Acting company chairperson Juliana Muskwe yesterday confirmed the suspensions of Shepherd Manamike, who was acting managing director after the unceremonious departure of Thomas Makore in May, Tawanda Marapira (finance executive), Raymond Munangwa (human resources executive) and an unnamed assistant finance manager pending investigation into their conduct.

“Yes, we have suspended four managers. The company has witnessed unethical business practices characterised by financial improprieties, particularly unauthorised expenditure. The circumstances are unacceptable especially when the company was focused on production and sales,” Muskwe said.

Muskwe in a statement yesterday, said the senior officials were suspended with effect from October 4.

“Due to the unauthorised financial transactions, the company failed to meet its key obligations due to its creditors and employees. However, this is just a temporary setback occasioned by substandard performance within management structures, which the board assures all stakeholders it is on course to address and restore normalcy,” she said.

Hwange, which is choking under millions of dollars in debt, is said to have lost up to $2 million in suspected corrupt deals.

The board reportedly wanted a forensic audit, but was told to stop the process by Mines minister Winston Chitando.

A board member claimed most of the suspended managers were recruited when the minister was the Hwange board chairperson.

In July, shareholders reportedly blocked moves by Chitando to unilaterally dissolve the coal miner’s board midway through a massive corruption investigation involving senior management at the firm.

The board announced that it was sitting on 345 000 tonnes of coal, which could be turned into an estimated revenue of $13 million if management was effective.

“It is unacceptable that with such stock the company fails to meet its financial obligations,” Muskwe said.

Early this year, HCCL suspended Makore on allegations of insubordination, bribery and mismanagement of the State-linked mining firm. Makore then later offered to step down as company managing director to avoid being dragged to a disciplinary hearing.

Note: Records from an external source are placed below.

Ltac case_minmax := repeat match goal with
  | |- context [Num.min ?x ?y] => case: (leP x y)
  | |- context [Num.max ?x ?y] => case: (leP x y)
  end; intros.

Section Levels.
Local Set Implicit Arguments.
Local Unset Strict Implicit.
Variable R : realType.
Local Open Scope classical_set_scope.
Implicit Types u v c M : R.

Lemma le_by_levels u v :
  0 <= v -> (forall c, 0 < c -> c <= u -> c <= v) -> u <= v.
Proof.
move=> v0 uv; case: (lerP u 0) => u0; last exact: uv u0 (lexx u).
exact: le_trans u0 v0.
Qed.

Lemma eq_by_levels u v : 0 <= u -> 0 <= v ->
  (forall c, 0 < c -> c <= u <-> c <= v) -> u = v.
Proof.
move=> u0 v0 uv; apply/eqP; rewrite eq_le.
by apply/andP; split; apply: le_by_levels => // c c0 /(uv c c0).
Qed.

Lemma sup_pos_le M : sup [set c | 0 < c /\ c <= M] = Num.max M 0.
Proof.
case: (lerP M 0) => M0.
  rewrite (_ : [set c | _] = set0) ?sup0 //.
  by apply/seteqP; split=> c //= [c0 cM]; lra.
rewrite (_ : [set c | _] = `]0, M]) ?sup_itv ?bnd_simp //.
apply/seteqP; split=> c /=; rewrite in_itv /=; first by case=> -> ->.
by case/andP.
Qed.

Lemma bigmax0_geP (I : finType) (F : I -> R) c :
  0 < c -> c <= \big[Num.max/0]_i F i <-> exists i, c <= F i.
Proof.
move=> c0; split=> [cF|[i]]; last by move/le_trans; apply; apply: le_bigmax.
apply/not_existsP => Fc; move: cF; rewrite leNgt => /negP; apply.
by apply/bigmax_ltP; split=> // i _; rewrite ltNge; apply/negP/Fc.
Qed.

End Levels.

Section Defence.
Local Set Implicit Arguments.
Local Unset Strict Implicit.
Variables (R : realType) (Args : finType).
Local Notation fz := (fuzzyset R Args).
Implicit Types (Z : faf R Args) (T U Cs : fz) (A B C : Args) (c e : R).

Definition rho_bounded Z := forall A B, 0 <= frho Z A B <= 1.

Definition defended_at Z T C c :=
  forall B, 0 < fargs Z B ->
    Num.min (fargs Z B) (frho Z B C) + c <= 1 \/
    exists A, c <= T A /\ c <= frho Z A B.

Definition defense_bound Z T C : R :=
  \big[Num.min/1]_B
    (if 0 < fargs Z B then
       Num.max (1 - Num.min (fargs Z B) (frho Z B C))
               (\big[Num.max/0]_A Num.min (T A) (frho Z A B))
     else 1).

Definition conflict_free Z U := forall A B, Num.min (U A) (frho Z A B) + U B <= 1.

(* Attackers need only be tested at their full degree, and defenders at degree c. *)
Lemma wdefendsE Z T C c : rho_bounded Z -> 0 < c -> c <= 1 ->
  wdefends Z T C c <-> defended_at Z T C c.
Proof.
move=> rhoZ c0 c1; rewrite /wdefends /farg /fpoint_in /sufficient /tolerable /weaken.
split=> [wd B B0 | dd B b [b0 [b1 bB]] suf]; have /andP[_ rBC1] := rhoZ B C.
- case: (lerP (Num.min (fargs Z B) (frho Z B C) + c) 1) => [|hB]; [by left | right].
  have [||A [a [[a0 [a1 aA]] tol]]] := wd B (Num.min (fargs Z B) 1).
  + by split; [rewrite lt_min B0 ltr01 | split; rewrite ge_min lexx ?orbT].
  + by move: hB rBC1; case_minmax; lra.
  have [ca cr] : c <= a /\ c <= frho Z A B.
    by move: tol hB rBC1; case_minmax; lra.
  by exists A; split=> //; apply: le_trans aA.
- have B0 : 0 < fargs Z B by apply: lt_le_trans bB.
  case: (dd B B0) => [|[A [cA cr]]].
    by move: suf rBC1; case_minmax; lra.
  exists A, c; split=> //; rewrite (min_idPl cr).
  by move: rBC1; case_minmax; lra.
Qed.

Lemma le_defense_bound Z T C c : 0 < c ->
  c <= defense_bound Z T C <-> c <= 1 /\ defended_at Z T C c.
Proof.
move=> c0; split=> [/bigmin_geP[c1 cB] | [c1 dd]].
- split=> // B B0; move: (cB B isT); rewrite B0 le_max => /orP[|/(bigmax0_geP _ c0)[A]].
    by left; lra.
  by rewrite le_min => /andP[cA cr]; right; exists A.
- apply/bigmin_geP; split=> // B _; case: ifP => // B0; rewrite le_max.
  case: (dd B B0) => [|[A [cA cr]]]; first by move=> h; apply/orP; left; lra.
  by apply/orP; right; apply/(bigmax0_geP _ c0); exists A; rewrite le_min cA cr.
Qed.

Lemma charfunE Z Cs T C : rho_bounded Z ->
  charfun Z Cs T C = Num.max (Num.min (Cs C) (defense_bound Z T C)) 0.
Proof.
move=> rhoZ; rewrite /charfun /union_pts -sup_pos_le; congr sup.
apply/seteqP; split=> c /= [].
- move=> [c0 [c1 cC]] /(wdefendsE _ _ rhoZ c0 c1) dd; split=> //.
  by rewrite le_min cC; apply/(le_defense_bound _ _ _ c0).
- move=> c0; rewrite le_min => /andP[cC /(le_defense_bound _ _ _ c0)[c1 dd]].
  by split; [|apply/(wdefendsE _ _ rhoZ c0 c1)].
Qed.

Lemma charfun_ge0 Z Cs T C : rho_bounded Z -> 0 <= charfun Z Cs T C.
Proof. by move=> rhoZ; rewrite charfunE // le_max lexx orbT. Qed.

Lemma charfun_le Z Cs T C : rho_bounded Z -> 0 <= Cs C -> charfun Z Cs T C <= Cs C.
Proof. by move=> rhoZ C0; rewrite charfunE // ge_max C0 ge_min lexx. Qed.

Lemma charfun_levels Z Cs T C c : rho_bounded Z -> 0 < c ->
  c <= charfun Z Cs T C <-> [/\ c <= 1, c <= Cs C & defended_at Z T C c].
Proof.
move=> rhoZ c0; rewrite charfunE // le_max [c <= 0]leNgt c0 orbF le_min.
split=> [/andP[cC /(le_defense_bound _ _ _ c0)[]] | [c1 cC dd]]; first by [].
by rewrite cC; apply/(le_defense_bound _ _ _ c0).
Qed.

Lemma charfun_le1 Z Cs T C : rho_bounded Z -> charfun Z Cs T C <= 1.
Proof.
by move=> rhoZ; apply: le_by_levels => // c c0 /(charfun_levels _ _ _ rhoZ c0)[].
Qed.

Lemma le_charfun Z Cs T T' C : rho_bounded Z ->
  (forall A B, 0 < fargs Z B -> attacks Z A B -> T A <= T' A) ->
  charfun Z Cs T C <= charfun Z Cs T' C.
Proof.
move=> rhoZ TT'; apply: le_by_levels; first exact: charfun_ge0.
move=> c c0; rewrite !charfun_levels // => -[c1 cC dd]; split=> // B B0.
case: (dd B B0) => [|[A [cA cr]]]; [by left | right; exists A; split=> //].
by apply: le_trans cA (TT' A B B0 _); rewrite /attacks; lra.
Qed.

Lemma charfun_congr Z Cs T T' C : rho_bounded Z ->
  (forall A B, 0 < fargs Z B -> attacks Z A B -> T A = T' A) ->
  charfun Z Cs T C = charfun Z Cs T' C.
Proof.
move=> rhoZ TT'; apply/eqP; rewrite eq_le !le_charfun // => A B B0 AB.
  by rewrite (TT' A B).
by rewrite (TT' A B).
Qed.

Lemma charfun_shift Z Cs T C e : rho_bounded Z -> 0 <= e ->
  charfun Z Cs T C - e <= charfun Z Cs (fun x => T x - e) C.
Proof.
move=> rhoZ e0; set v := charfun Z Cs T C.
case: (lerP (v - e) 0) => [ve|ve]; first exact: le_trans ve (charfun_ge0 _ _ _ rhoZ).
have v0 : 0 < v by lra.
have [v1 vC dd] := (charfun_levels _ _ _ rhoZ v0).1 (lexx v).
apply/(charfun_levels _ _ _ rhoZ ve); split; [lra | lra | move=> B B0].
case: (dd B B0) => [|[A [vA vr]]]; [left; lra | right; exists A; split; lra].
Qed.

Lemma conflict_free_charfun Z Cs U : rho_bounded Z ->
  (forall x, U x <= Cs x) -> (forall x, Cs x <= fargs Z x) ->
  conflict_free Z U -> conflict_free Z (charfun Z Cs U).
Proof.
move=> rhoZ UC Cf cfU x y; rewrite leNgt; apply/negP => hxy.
set a := charfun Z Cs U x in hxy; set b := charfun Z Cs U y in hxy.
have /andP[_ rxy1] := rhoZ x y.
have a1 : a <= 1 by apply: charfun_le1.
have b1 : b <= 1 by apply: charfun_le1.
have [b0 a0] : 0 < b /\ 0 < a by move: hxy; case_minmax; lra.
have [_ aC dx] := (charfun_levels _ _ _ rhoZ a0).1 (lexx a).
have [_ _ dy] := (charfun_levels _ _ _ rhoZ b0).1 (lexx b).
have ax := le_trans aC (Cf x).
case: (dy x (lt_le_trans a0 ax)) => [|[z [bz rzx]]].
  by move: hxy; case_minmax; lra.
have bz' := le_trans bz (le_trans (UC z) (Cf z)).
case: (dx z (lt_le_trans b0 bz')) => [|[w [aw rwz]]].
  by move: hxy; case_minmax; lra.
by move: (cfU w z) hxy; case_minmax; lra.
Qed.

Lemma is_GE_unique Z Cs E1 E2 : is_GE Z Cs E1 -> is_GE Z Cs E2 -> E1 = E2.
Proof.
move=> [E1C E1fix E1least] [E2C E2fix E2least]; apply/funext => x.
by apply/eqP; rewrite eq_le E1least // E2least.
Qed.

Lemma rho_bounded_restrict X T : rho_bounded X -> rho_bounded (restrict X T).
Proof. by move=> rhoX A B /=; case: ifP => _; rewrite ?lexx ?ler01. Qed.

Lemma attacks_restrict X T A B : attacks (restrict X T) A B ->
  [/\ 0 < T A, 0 < T B & attacks X A B].
Proof. by rewrite /attacks /=; case: ifP => [/andP[] | _]; rewrite ?ltxx. Qed.

End Defence.

Section LeastFixpoint.
Local Set Implicit Arguments.
Local Unset Strict Implicit.
Variables (R : realType) (Args : finType) (Z : faf R Args) (Cs : fuzzyset R Args).
Hypothesis rhoZ : rho_bounded Z.
Hypothesis Cs_ge0 : forall x, 0 <= Cs x.
Local Notation F := (charfun Z Cs).

Definition kleene n : fuzzyset R Args := iter n F (fun=> 0).

Lemma kleene_ge0 n x : 0 <= kleene n x.
Proof. by case: n => [|n] /=; rewrite ?lexx ?charfun_ge0. Qed.

Lemma kleene_le n x : kleene n x <= Cs x.
Proof. by case: n => [|n] /=; rewrite ?Cs_ge0 ?charfun_le. Qed.

Lemma kleene_homo x : {homo kleene^~ x : m n / (m <= n)%N >-> m <= n}.
Proof.
apply: (@homo_leq _ _ (fun u v => u <= v)) => [u|v u w|n]; [exact: lexx | exact: le_trans |].
elim: n x => [|n IHn] x /=; first exact: charfun_ge0.
by apply: le_charfun => // A B _ _; apply: IHn.
Qed.

Definition lfp : fuzzyset R Args := fun x => sup (range (kleene^~ x)).

Lemma has_sup_kleene x : has_sup (range (kleene^~ x)).
Proof.
by split; [exists (kleene 0 x), 0%N | exists (Cs x) => _ [n _ <-]; apply: kleene_le].
Qed.

Lemma kleene_le_lfp n x : kleene n x <= lfp x.
Proof. by apply: sup_upper_bound (has_sup_kleene x) _ _; exists n. Qed.

Lemma lfp_le x v : (forall n, kleene n x <= v) -> lfp x <= v.
Proof. by move=> kv; apply: ge_sup => [|_ [n _ <-]]; [exists (kleene 0 x), 0%N|]. Qed.

Lemma lfp_ge0 x : 0 <= lfp x.
Proof. exact: le_trans (kleene_ge0 0 x) (kleene_le_lfp 0 x). Qed.

Lemma lfp_le_Cs x : lfp x <= Cs x.
Proof. by apply: lfp_le => n; apply: kleene_le. Qed.

(* Args is finite, so one Kleene iterate approximates lfp uniformly. *)
Lemma lfp_approx e : 0 < e -> exists N, forall x, lfp x - e < kleene N x.
Proof.
move=> e0; have /choice[N hN] : forall x, exists n, lfp x - e < kleene n x.
  by move=> x; have [_ [n _ <-] ?] := sup_adherent e0 (has_sup_kleene x); exists n.
exists (\max_x N x)%N => x; apply: lt_le_trans (hN x) _.
by apply: kleene_homo; apply: leq_bigmax.
Qed.

Lemma charfun_lfp x : F lfp x = lfp x.
Proof.
apply/eqP; rewrite eq_le; apply/andP; split.
- apply/ler_addgt0Pr => e e0; have [N hN] := lfp_approx e0.
  have := charfun_shift Cs lfp x rhoZ (ltW e0).
  have : F (fun y => lfp y - e) x <= F (kleene N) x.
    by apply: le_charfun => // A B _ _; apply/ltW/hN.
  have := kleene_le_lfp N.+1 x; rewrite /=; lra.
- apply: lfp_le => n; apply: le_trans (kleene_homo x (leqnSn n)) _.
  by apply: le_charfun => // A B _ _; apply: kleene_le_lfp.
Qed.

Lemma lfp_least T : (forall x, F T x <= T x) -> forall x, lfp x <= T x.
Proof.
move=> FT x; apply: lfp_le => n; elim: n x => [|n IHn] x /=.
  exact: le_trans (charfun_ge0 _ _ _ rhoZ) (FT x).
by apply: le_trans (FT x); apply: le_charfun => // A B _ _; apply: IHn.
Qed.

Lemma is_GE_lfp : is_GE Z Cs lfp.
Proof.
split=> [x | x | T _ FT x]; [exact: lfp_le_Cs | exact: charfun_lfp |].
by apply: lfp_least => y; rewrite FT.
Qed.

Lemma conflict_free_lfp : (forall x, Cs x <= fargs Z x) -> conflict_free Z lfp.
Proof.
move=> Cf; have cfK n : conflict_free Z (kleene n).
  elim: n => [x y /= | n IHn]; last exact: conflict_free_charfun (kleene_le n) Cf IHn.
  by have /andP[r0 _] := rhoZ x y; case_minmax; lra.
move=> x y; rewrite leNgt; apply/negP => hxy.
set d := Num.min (lfp x) (frho Z x y) + lfp y - 1.
have [|N hN] := lfp_approx (e := d / 2); first by rewrite /d; lra.
by move: (cfK N x y) (hN x) (hN y) hxy; rewrite /d; case_minmax; lra.
Qed.

End LeastFixpoint.

Lemma connect_strict_ind (T : finType) (e : rel T) (P : T -> Prop) :
  (forall x, (forall y, connect e y x -> ~~ connect e x y -> P y) -> P x) ->
  forall x, P x.
Proof.
move=> IH x; have [n] := ubnP #|[set y | connect e y x && ~~ connect e x y]|.
elim: n x => // n IHn x; rewrite ltnS => hx; apply: IH => y yx nxy; apply: IHn.
apply: leq_trans hx; apply: proper_card; apply/properP; split.
- apply/fintype.subsetP => z; rewrite !inE => /andP[zy nyz].
  by rewrite (connect_trans zy yx); apply: contra nyz; apply: connect_trans.
- by exists y; rewrite !inE ?yx ?nxy ?connect0.
Qed.

Section SCC.
Local Set Implicit Arguments.
Local Unset Strict Implicit.
Variables (R : realType) (Args : finType) (X : faf R Args) (A0 : Args).
Hypothesis fargs01 : is_fuzzy (fargs X).
Hypothesis rhoX : rho_bounded X.
Local Notation S := (SCC X A0).
Local Notation OP := (outparents X S).
Local Notation connect := (connect (attacks X)).

Lemma fargs_ge0 x : 0 <= fargs X x.
Proof. by case/andP: (fargs01 x). Qed.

The decision to suspend Makore followed reports of disharmony within the company’s top management and unearthing of corruption issues that had been kept under wraps for years.

Makore had a nasty public spat with company secretary Allen Masiya which led to the unearthing of underhand deals within the organisation.

The government holds 37% shareholding in the coal miner whose balance sheet has been deteriorating in recent years from a positive shareholders’ equity of $37,2 million in 2014 to a negative $167,7 million in 2016.

Its liabilities outstripped assets by $168 million.

The mining firm has also been struggling to pay its employees and at some point planned to sell its properties to sustain operations.